- **Problem details**:
Only the lines from the one containing "- split; intros" through the end of the entries should be repeated, exactly as they appear, first and last included.

- **Data for this task**:
⁂

Theorem proposition4p9 :
  forall A : algebra,
    (* (1) *)
    (forall G : A -> Prop,
        reduced_matrix_model A G <-> Nw_model A (perp_of A G)) /\
    (* (2) *)
    (forall perp : A -> ext A -> Prop,
        Nw_model A perp <->
        (reduced_matrix_model A (F_of A perp) /\
         forall a u, perp a u <-> perp_of A (F_of A perp) a u)) /\
    (* Alg* NeL = algebraic reducts of N_w-models *)
    ((exists G : A -> Prop, reduced_matrix_model A G) <->
     (exists perp : A -> ext A -> Prop, Nw_model A perp)) /\
    (* G = F_{perp_G} *)
    (forall G : A -> Prop, reduced_matrix_model A G ->
        forall a, G a <-> F_of A (perp_of A G) a) /\
    (* perp = perp_{F_perp} *)
    (forall perp : A -> ext A -> Prop, Nw_model A perp ->
        forall a u, perp a u <-> perp_of A (F_of A perp) a u).
Proof.
  intro A.
  assert (P1 : forall G, reduced_matrix_model A G <-> Nw_model A (perp_of A G)).
  { intro G. split; [intros [HM Hred]; exact (rmm_Nw_model A G HM Hred)
                    | apply Nw_reduced_matrix_model]. }
  assert (P2 : forall perp, Nw_model A perp <->
            (reduced_matrix_model A (F_of A perp) /\
             forall a u, perp a u <-> perp_of A (F_of A perp) a u)).
  { intro perp. split.
    - intro HN. split; [| exact (Nw_perp_of_F A perp HN)].
      apply P1. now rewrite <- (rel_ext A _ _ (Nw_perp_of_F A perp HN)).
    - intros [Hrmm E]. rewrite (rel_ext A _ _ E). now apply P1. }
  split; [exact P1 |]. split; [exact P2 |]. split; [| split].
  - split; intros [X HX]; [exists (perp_of A X) | exists (F_of A X)];
      [apply P1 | apply P2]; exact HX.
  - reflexivity.
  - exact (Nw_perp_of_F A).
Qed.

⁂

- **Answer to this problem**:
  - split; intros [X HX]; [exists (perp_of A X) | exists (F_of A X)];
      [apply P1 | apply P2]; exact HX.
  - reflexivity.
  - exact (Nw_perp_of_F A).
Qed.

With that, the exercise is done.